С тех пор как появилась эта статья («Yorwärts», 9 февраля 1877 г.), Кекуле («Die Wissensch. Ziele u. Leistungen der Chemie») дал совершенно аналогичное определение механики, физики и химии: «Если положить в основу это представление о сущности материи, то химию можно будет определить как науку об атомах, а физику как науку о молекулах; в таком случае является мысль выделить ту часть современной физики, которая занимается массами, в особую дисциплину, оставив для нее название механики». Таким образом, механика оказывается основой физики и химии, поскольку та и другая, при известной оценке и количественном учете своих молекул или атомов, должны рассматривать их как массы.
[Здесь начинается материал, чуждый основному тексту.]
(* Let $\tilde p\in\mathbb{R}^{dn}$ be a target formation (i.e. $\|\tilde p_i-\tilde p_j\|=d_{ij}$ for all $(i,j)\in\mathcal{E}$ and $\tilde p_j-\tilde p_i=\hat p_j-\hat p_i$ for all $(i,j)\in\mathcal{E}_o$) which is infinitesimally rigid, and suppose the orientation edges are selected as follows: all edges of $\mathcal{E}_o$ are incident to a common agent $i_0$; if $d=2$, $\mathcal{E}_o\neq\emptyset$; if $d=3$, $\mathcal{E}_o$ contains two edges $(i_0,j),(i_0,j')$ whose desired vectors $\hat p_j-\hat p_{i_0}$ and $\hat p_{j'}-\hat p_{i_0}$ are linearly independent. Then the matrix \[ \mathcal{F}:=R(\tilde p)^TR(\tilde p)+L_o\otimes I_d \] is positive semidefinite and has exactly $d$ zero eigenvalues; moreover $\mathrm{null}(\mathcal{F})=\mathrm{null}(H\otimes I_d)=\mathrm{span}(\mathbf{1}_n\otimes I_d)$ (the column span of $\mathbf{1}_n\otimes I_d$).
   Context: Let $d\in\{2,3\}$, $n\ge2$. $\mathcal{G}=(\mathcal{V},\mathcal{E})$ is an undirected graph on $\{1,\dots,n\}$ with $m$ edges, each edge $k$ given an arbitrary orientation (head $j$, tail $i$); $H\in\mathbb{R}^{m\times n}$ is the incidence matrix ($h_{ki}=1$ if edge $k$ sinks at $i$, $-1$ if it leaves $i$, $0$ otherwise). For $p\in\mathbb{R}^{dn}$, $z=(H\otimes I_d)p$ with $z_k=p_j-p_i$, $Z(z)=\mathrm{diag}(z_1,\dots,z_m)\in\mathbb{R}^{dm\times m}$ block diagonal, and the rigidity matrix is $R(p)=Z(z)^T(H\otimes I_d)$. The framework $(\mathcal{G},p)$ is infinitesimally rigid iff $\mathrm{rank}\,R(p)=dn-d(d+1)/2$. Edges carry desired distances $d_{ij}>0$. $\mathcal{E}_o\subseteq\mathcal{E}$ is a set of orientation edges, $L_o$ the Laplacian of the undirected graph $(\mathcal{V},\mathcal{E}_o)$, and for each $(i,j)\in\mathcal{E}_o$ a desired relative vector $\hat p_j-\hat p_i\in\mathbb{R}^d$ with $\|\hat p_j-\hat p_i\|=d_{ij}$ is prescribed. $\mathbf{1}_n$ is the all-ones vector. *)

From HB Require Import structures.
From mathcomp Require Import all_boot all_order all_algebra.
From mathcomp Require Export mxtens.
Set Implicit Arguments. Unset Strict Implicit. Unset Printing Implicit Defensive.
Import Order.TTheory GRing.Theory Num.Theory.
Local Open Scope ring_scope.

Section Formation.
Variable R : realFieldType.

Definition simple_graph (m n : nat) (tl hd : 'I_m -> 'I_n) : Prop :=
  (forall k, tl k != hd k) /\
  (forall k k', ((tl k == tl k') && (hd k == hd k')) ||
                ((tl k == hd k') && (hd k == tl k')) -> k = k').

Definition incidence (m n : nat) (tl hd : 'I_m -> 'I_n) : 'M[R]_(m, n) :=
  \matrix_(k, i) (if i == hd k then 1 else if i == tl k then -1 else 0).

(* p_i, the i-th block of p in R^{dn} (index (i,a) |-> i*d + a). *)
Definition pos (n d : nat) (p : 'cV[R]_(n * d)) (i : 'I_n) : 'cV[R]_d :=
  \col_a p (mxtens_index (i, a)) 0.
(* There exists $h_c\in(\tfrac12,\tfrac34)$ such that $\sum_{k=1}^\infty\rho_h^2(k)<\frac14$ for all $h\in(\tfrac12,h_c)$, and $\sum_{k=1}^\infty\rho_h^2(k)>\frac14$ for all $h\in(h_c,\tfrac34)$.
   Context: $\rho_h(k)=\frac12\big((k+1)^{2h}+(k-1)^{2h}-2k^{2h}\big)$ for integers $k\ge1$. *)

From Stdlib Require Import Reals.
From Coquelicot Require Import Coquelicot.
Open Scope R_scope.

(* x^a for x >= 0 and real a > 0, with the convention 0^a = 0
   (Stdlib's Rpower 0 a = 1, which would be wrong at k = 1). *)
Definition rpow (x a : R) : R :=
  if Rle_dec x 0 then 0 else Rpower x a.

Definition rho (h : R) (k : nat) : R :=
  / 2 * (rpow (INR k + 1) (2 * h) + rpow (INR k - 1) (2 * h)
         - 2 * rpow (INR k) (2 * h)).

From Stdlib Require Import Reals Lra Lia.
From Coquelicot Require Import Coquelicot.
Open Scope R_scope.

(* For k >= 2, rho_h(k) is half the second difference of t^(2h) at k, so the
   mean value theorem puts it between h (2h-1) (k+1)^(2h-2) and
   h (2h-1) (k-1)^(2h-2); hence rho_h(k)^2 decays like k^(4h-4), which is
   summable for h < 3/4.  Every rho_h(k) is nonnegative and nondecreasing in h
   (for t >= 1 the second derivative of t^(2h) grows with h), strictly so at
   k = 1 where rho_h(1) = 2^(2h-1) - 1, so S(h) = sum_k rho_h(k)^2 is strictly
   increasing on (1/2, 3/4).  The same bounds give S(11/20) < 1/4 < S(149/200),
   the latter from the almost harmonic tail k^(-1.02).  For a strictly
   increasing function no continuity is needed: h_c = sup {h | S(h) <= 1/4}. *)

Definition second_diff (f : R -> R) (x : R) : R := f (x + 1) + f (x - 1) - 2 * f x.

Lemma second_diff_nonneg (f f' f'' : R -> R) (x : R) :
  (forall t, x - 1 <= t <= x + 1 -> derivable_pt_lim f t (f' t)) ->
  (forall t, x - 1 <= t <= x + 1 -> derivable_pt_lim f' t (f'' t)) ->
  (forall t, x - 1 <= t <= x + 1 -> 0 <= f'' t) ->
  0 <= second_diff f x.
Proof.
  intros Df Df' Hf''.
  destruct (MVT_cor2 f f' (x - 1) x) as [c1 [E1 Hc1]]; [lra | intros; apply Df; lra |].
  destruct (MVT_cor2 f f' x (x + 1)) as [c2 [E2 Hc2]]; [lra | intros; apply Df; lra |].
  destruct (MVT_cor2 f' f'' c1 c2) as [c3 [E3 Hc3]]; [lra | intros; apply Df'; lra |].
  assert (0 <= f'' c3) by (apply Hf''; lra).
  assert (0 <= f' c2 - f' c1) by (rewrite E3; apply Rmult_le_pos; lra).
  unfold second_diff. lra.
Qed.

Lemma second_diff_le (f f' f'' g g' g'' : R -> R) (x : R) :
  (forall t, x - 1 <= t <= x + 1 -> derivable_pt_lim f t (f' t)) ->
  (forall t, x - 1 <= t <= x + 1 -> derivable_pt_lim f' t (f'' t)) ->
  (forall t, x - 1 <= t <= x + 1 -> derivable_pt_lim g t (g' t)) ->
  (forall t, x - 1 <= t <= x + 1 -> derivable_pt_lim g' t (g'' t)) ->
  (forall t, x - 1 <= t <= x + 1 -> f'' t <= g'' t) ->
  second_diff f x <= second_diff g x.
Proof.
  intros Df Df' Dg Dg' Hle.
  assert (H : 0 <= second_diff (fun s => g s - f s) x).
  { apply (second_diff_nonneg _ (fun s => g' s - f' s) (fun s => g'' s - f'' s));
      intros t Ht.
    - apply (derivable_pt_lim_minus g f); auto.
    - apply (derivable_pt_lim_minus g' f'); auto.
    - specialize (Hle t Ht). lra. }
  unfold second_diff in *. lra.
Qed.

Lemma derivable_pt_lim_half_sq (c t : R) :
  derivable_pt_lim (fun s => c / 2 * s ^ 2) t (c * t).
Proof. apply is_derive_Reals. auto_derive; auto. field. Qed.

Lemma derivable_pt_lim_Rpower_deriv (a t : R) : 0 < t ->
  derivable_pt_lim (fun s => a * Rpower s (a - 1)) t (a * (a - 1) * Rpower t (a - 2)).
Proof.
  intros Ht.
  replace (a * (a - 1) * Rpower t (a - 2))
    with (a * ((a - 1) * Rpower t (a - 1 - 1))) by (replace (a - 1 - 1) with (a - 2) by ring; ring).
  apply (derivable_pt_lim_scal (fun s => Rpower s (a - 1))).
  now apply derivable_pt_lim_power.
Qed.

Lemma Rpower_le_base_nonpos (u v c : R) : 0 < u -> u <= v -> c <= 0 ->
  Rpower v c <= Rpower u c.
Proof.
  intros Hu Huv Hc.
  replace c with (- - c) by ring. rewrite (Rpower_Ropp v), (Rpower_Ropp u).
  apply Rinv_le_contravar; [apply exp_pos |].
  apply Rle_Rpower_l; lra.
Qed.

Lemma second_diff_Rpower_le (a x : R) : 1 <= a <= 2 -> 1 < x ->
  second_diff (fun s => Rpower s a) x <= a * (a - 1) * Rpower (x - 1) (a - 2).
Proof.
  intros Ha Hx. set (M := a * (a - 1) * Rpower (x - 1) (a - 2)).
  replace M with (second_diff (fun s => M / 2 * s ^ 2) x) by (unfold second_diff; field).
  apply (second_diff_le _ (fun s => a * Rpower s (a - 1)) (fun s => a * (a - 1) * Rpower s (a - 2))
           _ (fun s => M * s) (fun _ => M)); intros t Ht.
  - apply derivable_pt_lim_power; lra.
  - apply derivable_pt_lim_Rpower_deriv; lra.
  - apply derivable_pt_lim_half_sq.
  - apply is_derive_Reals. auto_derive; auto; ring.
  - assert (Rpower t (a - 2) <= Rpower (x - 1) (a - 2)) by (apply Rpower_le_base_nonpos; lra).
    unfold M. apply Rmult_le_compat_l; nra.
Qed.

Lemma second_diff_Rpower_ge (a x : R) : 1 <= a <= 2 -> 1 < x ->
  a * (a - 1) * Rpower (x + 1) (a - 2) <= second_diff (fun s => Rpower s a) x.
Proof.
  intros Ha Hx. set (m := a * (a - 1) * Rpower (x + 1) (a - 2)).
  replace m with (second_diff (fun s => m / 2 * s ^ 2) x) by (unfold second_diff; field).
  apply (second_diff_le _ (fun s => m * s) (fun _ => m)
           _ (fun s => a * Rpower s (a - 1)) (fun s => a * (a - 1) * Rpower s (a - 2))); intros t Ht.
  - apply derivable_pt_lim_half_sq.
  - apply is_derive_Reals. auto_derive; auto; ring.
  - apply derivable_pt_lim_power; lra.
  - apply derivable_pt_lim_Rpower_deriv; lra.
  - assert (Rpower (x + 1) (a - 2) <= Rpower t (a - 2)) by (apply Rpower_le_base_nonpos; lra).
    unfold m. apply Rmult_le_compat_l; nra.
Qed.
(* Let $p,q\in\mathbb{N}$, $\alpha_1,\dots,\alpha_p,\beta_1,\dots,\beta_q\in\mathbb{R}$, $A_1,\dots,A_p,B_1,\dots,B_q>0$, with $\sum_{k=1}^q\beta_k-\sum_{j=1}^p\alpha_j+\frac{p-q}{2}>0$ and $\sum_{j=1}^pA_j=\sum_{k=1}^qB_k$, and with $\psi_{n,m}=\frac{\prod_{i=1}^p\Gamma(\alpha_i+(n+m)A_i)}{\prod_{j=1}^q\Gamma(\beta_j+(n+m)B_j)}$ satisfying $\psi_{n,2}<\psi_{n,1}$ and $\psi_{n,1}^2<\psi_{n,0}\psi_{n,2}$ for all $n\in\mathbb{N}_0$. For $\sigma>0$ and $z\in(0,1)$ let $\Xi(\sigma)=\Xi_z(\sigma)={}_{p+1}\Psi_q\Big[_{(\beta_1,B_1),\dots,(\beta_q,B_q)}^{(\sigma,1),(\alpha_1,A_1),\dots,(\alpha_p,A_p)}\Big|z\Big]$. Then for each $z\in(0,1)$ the function $\sigma\mapsto\Xi(\sigma)$ is log-convex on $(0,\infty)$, and $$\Xi(\sigma)\,\Xi(\sigma+2)-\Xi(\sigma+1)^2\ge0$$ for all $\sigma\in(0,\infty)$ and $z\in(0,1)$.
   Context: The Fox-Wright function with parameters $(a_i,C_i)_{i=1}^{r}$ upstairs and $(b_j,D_j)_{j=1}^s$ downstairs ($C_i,D_j>0$) is ${}_r\Psi_s\Big[_{(b_1,D_1),\dots,(b_s,D_s)}^{(a_1,C_1),\dots,(a_r,C_r)}\Big|z\Big]=\sum_{k=0}^\infty\frac{\prod_{i=1}^r\Gamma(a_i+kC_i)}{\prod_{j=1}^s\Gamma(b_j+kD_j)}\frac{z^k}{k!}$. *)

From Stdlib Require Import Reals List Factorial.
From Coquelicot Require Import Coquelicot.
Import ListNotations.
Open Scope R_scope.

Definition prodR (n : nat) (f : nat -> R) : R :=
  fold_right Rmult 1 (map f (seq 0 n)).
Definition sumR (n : nat) (f : nat -> R) : R :=
  fold_right Rplus 0 (map f (seq 0 n)).

(* Euler's Gamma function on the reals, via the Gauss product formula
   Gamma(x) = lim_n n! n^x / (x (x+1) ... (x+n)).
   (At the poles x = 0,-1,-2,... the sequence is eventually
   (stuff)/0 and this total definition returns a junk value.) *)
Definition Gamma (x : R) : R :=
  real (Lim_seq (fun n : nat =>
    INR (fact n) * Rpower (INR n) x / prodR (S n) (fun k => x + INR k))).
Lemma deg_leD k p q : deg_le k p -> deg_le k q -> deg_le k (p + q).
Proof. by move=> pk qk m /msuppD_le; rewrite mem_cat => /orP[/pk|/qk]. Qed.

Lemma deg_leM a b p q : deg_le a p -> deg_le b q -> deg_le (a + b) (p * q).
Proof.
move=> pa qb m /msuppM_le/allpairsP[[m1 m2] [m1p m2q ->]] /=.
by rewrite mdegD leq_add ?pa ?qb.
Qed.

Lemma deg_leX a n p : deg_le a p -> deg_le (a * n) (p ^+ n).
Proof.
move=> pa; elim: n => [|n IH]; first by rewrite muln0 expr0 -mpolyC1; apply: deg_leC.
by rewrite exprS mulnS; apply: deg_leM.
Qed.

Lemma deg_le_sum k (I : Type) (s : seq I) (F : I -> P) :
  (forall i, deg_le k (F i)) -> deg_le k (\sum_(i <- s) F i).
Proof.
move=> Fk; apply: big_ind => // [m|]; last exact: deg_leD.
by rewrite msupp0.
Qed.

Lemma low_ord_deg_le0 k p : low_ord k.+1 p -> deg_le k p -> p = 0.
Proof.
move=> lo up; apply/eqP; rewrite -msupp_eq0; case E: (msupp p) => [|m s] //.
have mp : m \in msupp p by rewrite E inE eqxx.
by have := leq_trans (lo m mp) (up m mp); rewrite ltnn.
Qed.

(* Multiplying by a unit of the local ring at 0 does not lower the order:
   U = c (1 - w) with w in m is inverted modulo m^k by c^-1 (1 + ... + w^(k-1)). *)
Lemma low_ord_cancel k (U Y : P) : low_ord k (U * Y) -> U@_0%MM != 0 -> low_ord k Y.
Proof.
move=> UYk; set c := U@_0%MM => c0.
pose w := c^-1 *: (c%:MP - U).
have w1 : low_ord 1 w.
  by apply/low_ordZ/low_ord1; rewrite mcoeffB mcoeffC eqxx mulr1 subrr.
have Uw : c^-1 *: U = 1 - w.
  have cc : c^-1 *: (c%:MP : P) = 1.
    by rewrite -mul_mpolyC -mpolyCM mulVf // mpolyC1.
  by rewrite /w scalerBr cc opprB addrC subrK.
pose S := \sum_(i < k) w ^+ i.
have geom : (1 - w) * S = 1 - w ^+ k.
  by rewrite -[1 - w]opprB mulNr -subrX1 opprB.
have -> : Y = S * (c^-1 *: (U * Y)) + w ^+ k * Y.
  by rewrite scalerAl Uw mulrA [S * _]mulrC geom mulrBl mul1r subrK.
apply: low_ordD; first by rewrite -[k]add0n; apply: low_ordM => //; apply: low_ordZ.
have Y0 : low_ord 0 Y by move=> m.
by have := low_ordM (low_ordX (n := k) w1) Y0; rewrite mul1n addn0.
Qed.
Lemma reduce_path l p :
  x0 != v -> stub_minimal B v L l p -> stub_col l = c ->
  exists m q, stub_path (B :\ x0) v reduced_stubs m q /\
              forall c', svec m q c' = svec l p c' - point c r0 c'.
Proof.
move=> x0v min_lp lc; have [/andP[lL walk_l] _] := min_lp.
have [lx | lx] := eqVneq (stub_at l) x0.
  have lr := minimal_from_x0_cost min_lp lc lx.
  move: walk_l; rewrite lx; case: p min_lp => [|e q] _ /=.
    by case/andP=> _ /eqP x0v'; rewrite x0v' eqxx in x0v.
  case/and3P=> _ /eqP se walk_q.
  exists (edge_stub e), q; split.
    rewrite /stub_path walk_q andbT mem_cat; apply/orP; right.
    by apply: map_f; rewrite mem_filter mem_enum se eqxx.
  by move=> c'; rewrite svec_edge_stub /svec /point lc lr; case: (c' == c); lra.
exists (stub_at l, c, stub_cost l - r0), p; split.
  rewrite /stub_path (minimal_avoids_x0 min_lp lc lx) andbT mem_cat; apply/orP; left.
  by apply: (map_f (fun l => (stub_at l, c, stub_cost l - r0))); apply/stubs_atP;
    split=> //; apply: walk_in_start walk_l.
by move=> c'; rewrite /svec /point lc /=; case: (c' == c); lra.
Qed.

(* ... and that reduced stub path is minimal, since a dominating one would
   lift to a stub path dominating the original. *)
Lemma reduce_minimal l p :
  x0 != v -> stub_minimal B v L l p -> stub_col l = c ->
  exists m q, stub_minimal (B :\ x0) v reduced_stubs m q /\
              forall c', svec m q c' = svec l p c' - point c r0 c'.
Proof.
move=> x0v min_lp lc; have [_ not_dom] := min_lp.
have [m [q [path_mq mq_eq]]] := reduce_path x0v min_lp lc.
exists m, q; split=> //; split=> // [[m' [q' [path_mq' [le_mq' [c1 lt_mq']]]]]].
have [l' [p' [path_lp' lp'_eq]]] := lift_reduced path_mq'.
apply: not_dom; exists l', p'; split=> //; split.
  by move=> c'; rewrite lp'_eq; have := le_mq' c'; rewrite mq_eq; lra.
by exists c1; rewrite lp'_eq; have := mq_eq c1; lra.
Qed.

(* At the target, the empty walk from l0 is minimal, so it is the only
   minimal vector of colour c. *)
Lemma minimal_at_target l p :
  x0 = v -> stub_minimal B v L l p -> stub_col l = c ->
  forall c', svec l p c' = svec l0 [::] c'.
Proof.
move=> x0v [/andP[lL walk_l] not_dom] lc c'.
have [l0L l0c l0B] := stubs_atP _ _ _ _ l0_in.
have r0_le : r0 <= stub_cost l by apply/l0_cheapest/stubs_atP;
  split=> //; apply: walk_in_start walk_l.
have le_l0 c1 : svec l0 [::] c1 <= svec l p c1.
  rewrite /svec /point wc_nil l0c lc; have := wc_ge0 c1 p.
  by case: (c1 == c); lra.
apply/eqP; rewrite eq_le le_l0 andbT leNgt; apply/negP => lt_l0; apply: not_dom.
exists l0, [::]; split; last by split=> //; exists c'.
by rewrite /stub_path l0L /= l0B x0v eqxx.
Qed.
Эта концепция отличается, как мы видим, от той, которая дана в тексте и в предыдущем примечании, только своей несколько меньшей определенностью. Но если один английский журнал («Nature») придал вышеприведенной мысли Кекуле такой вид, что механика, — это статика и динамика масс, физика — статика и динамика молекул, химия — статика и динамика атомов, то по моему мнению, такое безусловное сведение даже химических процессов к чисто механическим сужает неподобающим образом поле химии. И однако оно стало столь модным, что, например, у Геккеля слова «механический» и «монистический» постоянно употребляются как равнозначащие и что, по его мнению, «современная физиология... дает в своей области место только физическим, химическим или в широком смысле слова механическим силам» (Perigenesis).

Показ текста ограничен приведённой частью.